-- Recorded data --
(* Let $K$ be an algebraically closed field, $m\ge1$ and $2\le a\le b$ integers, $S=K[[x,y_1,\dots,y_m]]$, $g=g(y_1,\dots,y_m)\in(\underline{y})^b\setminus(\underline{y})^{b+1}$, $A=S/(x^a-g)$, $Q=(y_1,\dots,y_m)A$, and $n_k=\lfloor kb/a\rfloor$. Then (a) for all integers $k,n\ge1$, $x^k\in\overline{Q^n}$ if and only if $n\le n_k$; (b) for each $n\ge1$, $Q^n\subseteq J_n\subseteq\overline{Q^n}$, i.e. $\overline{J_n}=\overline{Q^n}$, where $J_n=Q^n+xQ^{n-n_1}+x^2Q^{n-n_2}+\cdots+x^{a-1}Q^{n-n_{a-1}}$.
   Context: $(\underline{y})=(y_1,\dots,y_m)$; $\overline{J}$ denotes the integral closure of an ideal $J$; by convention $Q^j=A$ for $j\le0$. *)

(* Formal power series ring S = K[[x, y_1, ..., y_m]] given
   concretely as coefficient functions on monomials, with explicit ring
   operations; ideals given by finite generator lists; the quotient
   A = S/(x^a - g) handled through lifts to S. *)
From HB Require Import structures.
From mathcomp Require Import all_boot all_order all_algebra.
Set Implicit Arguments. Unset Strict Implicit. Unset Printing Implicit Defensive.
Import Order.TTheory GRing.Theory Num.Theory.
Local Open Scope ring_scope.

Section PowerSeries.
Variables (K : fieldType) (m : nat).

(* monomials in the m+1 variables x = index ord0, y_j = index (lift ord0 j) *)
Definition mon := {ffun 'I_m.+1 -> nat}.
Definition mdeg (mu : mon) : nat := (\sum_(i < m.+1) mu i)%N.

Definition ser := mon -> K.

Definition zeroS : ser := fun _ => 0.
Definition oneS : ser := fun mu => (mu == [ffun => 0%N])%:R.
Definition addS (f h : ser) : ser := fun mu => f mu + h mu.
Definition subS (f h : ser) : ser := fun mu => f mu - h mu.
Definition mulS (f h : ser) : ser := fun mu =>
  \sum_(nu : {ffun 'I_m.+1 -> 'I_(mdeg mu).+1} | [forall i, (nu i <= mu i)%N])
     f [ffun i => (nu i : nat)] * h [ffun i => (mu i - nu i)%N].
Definition expS (f : ser) (k : nat) : ser := iter k (mulS f) oneS.
Definition sumS (l : seq ser) : ser := foldr addS zeroS l.

Definition varS (i : 'I_m.+1) : ser :=
  fun mu => (mu == [ffun j => ((j == i) : nat)])%:R.
Definition xS : ser := varS ord0.
Definition ysS : seq ser := [seq varS (lift ord0 j) | j <- enum 'I_m].

Definition inIdeal (gs : seq ser) (f : ser) : Prop :=
  exists cs : seq ser, size cs = size gs /\
    forall mu, f mu = sumS [seq mulS c.1 c.2 | c <- zip cs gs] mu.

Fixpoint powgens (gs : seq ser) (n : nat) : seq ser :=
  if n is n'.+1 then [seq mulS p q | p <- gs, q <- powgens gs n'] else [:: oneS].

(* Working in A = S/(F): an element of A is represented by a lift in S; the
   ideal of A generated by (the images of) gs contains (the image of) f iff
   f lies in the ideal of S generated by gs and F. *)
Definition inIdealA (F : ser) (gs : seq ser) (f : ser) : Prop :=
  inIdeal (rcons gs F) f.

Definition inIntClA (F : ser) (gs : seq ser) (r : ser) : Prop :=
  exists d : nat, (0 < d)%N /\ exists cs : seq ser, size cs = d /\
    (forall i, (i < d)%N -> inIdealA F (powgens gs i.+1) (nth zeroS cs i)) /\
    inIdealA F [::] (addS (expS r d)
       (sumS [seq mulS (nth zeroS cs i) (expS r (d - i.+1)) | i <- iota 0 d])).

End PowerSeries.

Arguments xS : clear implicits.
Arguments zeroS : clear implicits.
Arguments oneS : clear implicits.
Arguments ysS : clear implicits.

Definition nk (a b k : nat) : nat := (k * b %/ a)%N.

(* generators of J_n = Q^n + x Q^(n-n_1) + ... + x^(a-1) Q^(n-n_(a-1));
   truncated subtraction implements the convention Q^j = A for j <= 0 *)
Definition Jgens (K : fieldType) (m a b n : nat) : seq (ser K m) :=
  powgens (ysS K m) n ++
  flatten [seq [seq mulS (expS (xS K m) i) q | q <- powgens (ysS K m) (n - nk a b i)]
          | i <- iota 1 a.-1].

-- Exercise --
Whenever a line in the records contains the word "oneS", copy that line.

-- Task output --
Definition oneS : ser := fun mu => (mu == [ffun => 0%N])%:R.
Definition expS (f : ser) (k : nat) : ser := iter k (mulS f) oneS.
  if n is n'.+1 then [seq mulS p q | p <- gs, q <- powgens gs n'] else [:: oneS].
Arguments oneS : clear implicits.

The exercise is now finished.